TRY IT: Count the lines below that contain the word "Local", and reply with that number alone.

MATERIAL SUPPLIED:
- - - - - - -
Local Notation face := (face_of ed nd).
Local Notation vertex := (vertex_of nd).
Local Notation lvl := (level ed nd f0).
Local Notation reach := (reach ed nd f0).
Local Notation fvb := (fv_bound D).
Local Notation high := (high_faces ed nd f0).
Local Notation adj := (high_adj ed nd f0).
Local Notation node := (ctree_node ed nd f0).

Lemma level_le_bound x : lvl x <= fvb.
Proof.
rewrite /level; elim/big_ind: _ => // [m n | i _]; first by rewrite geq_min => ->.
by rewrite -ltnS ltn_ord.
Qed.

Lemma level_le_reach x k : x \in reach k -> lvl x <= k.
Proof.
move=> x_k; case: (leqP k fvb) => [k_le | k_gt]; last first.
  exact: leq_trans (level_le_bound x) (ltnW k_gt).
by rewrite /level (bigD1 (Ordinal (k_le : k < fvb.+1))) //= geq_minl.
Qed.

Lemma reach_level x : lvl x < fvb -> x \in reach (lvl x).
Proof.
rewrite /level; elim/big_ind: _ => [| m n IHm IHn | //]; first by rewrite ltnn.
by case: (leqP m n) => _; [apply: IHm | apply: IHn].
Qed.

Lemma reach_adj x y k : x \in reach k -> fv_adj ed nd x y -> y \in reach k.+1.
Proof.
move=> x_k xy; rewrite /= !inE; apply/orP; right.
by apply/existsP; exists x; rewrite x_k.
Qed.
Lemma cut_of_seeds_value (T : {set V}) : T \subset A ->
  cut_value (cut_of_seeds T) = Some (interior_value A - payoff T).
Proof.
move=> TA; rewrite /cut_value (negbTE (cut_of_seeds_finite TA)).
rewrite (cut_capacityE (cut_of_seeds_is_cut TA)) (interior_value_sub_payoff TA).
congr (Some (_ + _)).
  apply: eq_bigl => a; rewrite in_cut_of_seeds negb_or; case aA: (a \in A) => //=.
  by rewrite (negbTE (contraTN (@Vminus_rejecting T a) (canonical_accepting aA))) andbT.
rewrite (eq_bigl (fun r => r \in Vminus T)) => [|r].
  by rewrite sumr_const mulr_natr.
rewrite in_cut_of_seeds; apply/andP/idP => [[rR /orP[rT|//]]|rV].
  by move: (Rset_rejecting rR); rewrite canonical_accepting ?(subsetP TA).
by rewrite rV orbT (subsetP (Vminus_Rset TA)).
Qed.

Lemma finite_cut_boundary (X : {set node V}) c a r : cut_value X = Some c ->
  a \in seeds_of_cut A X -> r \in boundary a -> inl r \in X.
Proof.
rewrite /cut_value => + /setIP[aA]; rewrite inE => + aX ra.
case: ifP => // + _; apply: contraFT => rX; apply/existsP; exists (inl a).
apply/existsP; exists (inl r); rewrite /= aA ra /crossing aX in_setD rX.
by rewrite inl_GN_verts in_setU (boundary_Rset aA ra) orbT.
Qed.

Lemma finite_cut_value_ge (X : {set node V}) c :
  0 <= q -> is_cut e theta phi A X -> cut_value X = Some c ->
  interior_value A - payoff (seeds_of_cut A X) <= c.
Proof.
set T := seeds_of_cut A X => q0 cX cv.
have TA : T \subset A by apply: subsetIl.
move: (cv); rewrite /cut_value; case: ifP => // _ [<-].
rewrite (cut_capacityE cX) (interior_value_sub_payoff TA).
rewrite [X in _ <= X + _](eq_bigl (fun a => (a \in A) && (a \notin T))); last first.
  by move=> a; rewrite !inE; case: (a \in A).
rewrite lerD2l sumr_const -[q *+ _]mulr_natr ler_wpM2l // ler_nat.
apply/subset_leq_card/subsetP => r; rewrite VminusE => /bigcupP[a aT ra].
have aA : a \in A by apply: (subsetP TA).
by rewrite unfold_in (boundary_Rset aA ra) (finite_cut_boundary cv aT ra).
Qed.

End FlowNetwork.
End Canonical.
End SeedModel.

Theorem mainTheorem3 (R : realFieldType) (V : finType) (e : rel V)
    (theta : V -> R) (phi p q : R) (A : {set V}) (X : {set node V}) :
  symmetric e ->
  (forall i, 0 <= theta i <= 1) -> 0 <= phi <= 1 ->
  0 < p -> 0 < q ->
  canonical_set e theta phi A ->
  min_cut e theta phi p q A X ->
  seed_set theta phi (seeds_of_cut A X) /\
  forall S : {set V}, seed_set theta phi S ->
    payoff e theta phi p q S <= payoff e theta phi p q (seeds_of_cut A X).
Proof.
move=> e_sym _ _ _ q_gt0 A_can [cutX minX]; split.
  by apply/forall_inP => a /setIP[aA _]; apply: canonical_accepting A_can a aA.
move=> S /(seed_set_canonical A_can)[T TA reachST].
have -> : payoff e theta phi p q S = payoff e theta phi p q T.
  by rewrite /payoff /Vplus /Vminus reachST.
have := minX _ (cut_of_seeds_is_cut e theta phi TA).
rewrite (cut_of_seeds_value e_sym A_can p q TA).
case valX: cut_value => [c|] //= cT.
have := le_trans (finite_cut_value_ge e_sym A_can (ltW q_gt0) cutX valX) cT.
by rewrite lerD2l lerN2.
Qed.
- - - - - - -
ANSWER SPACE: 8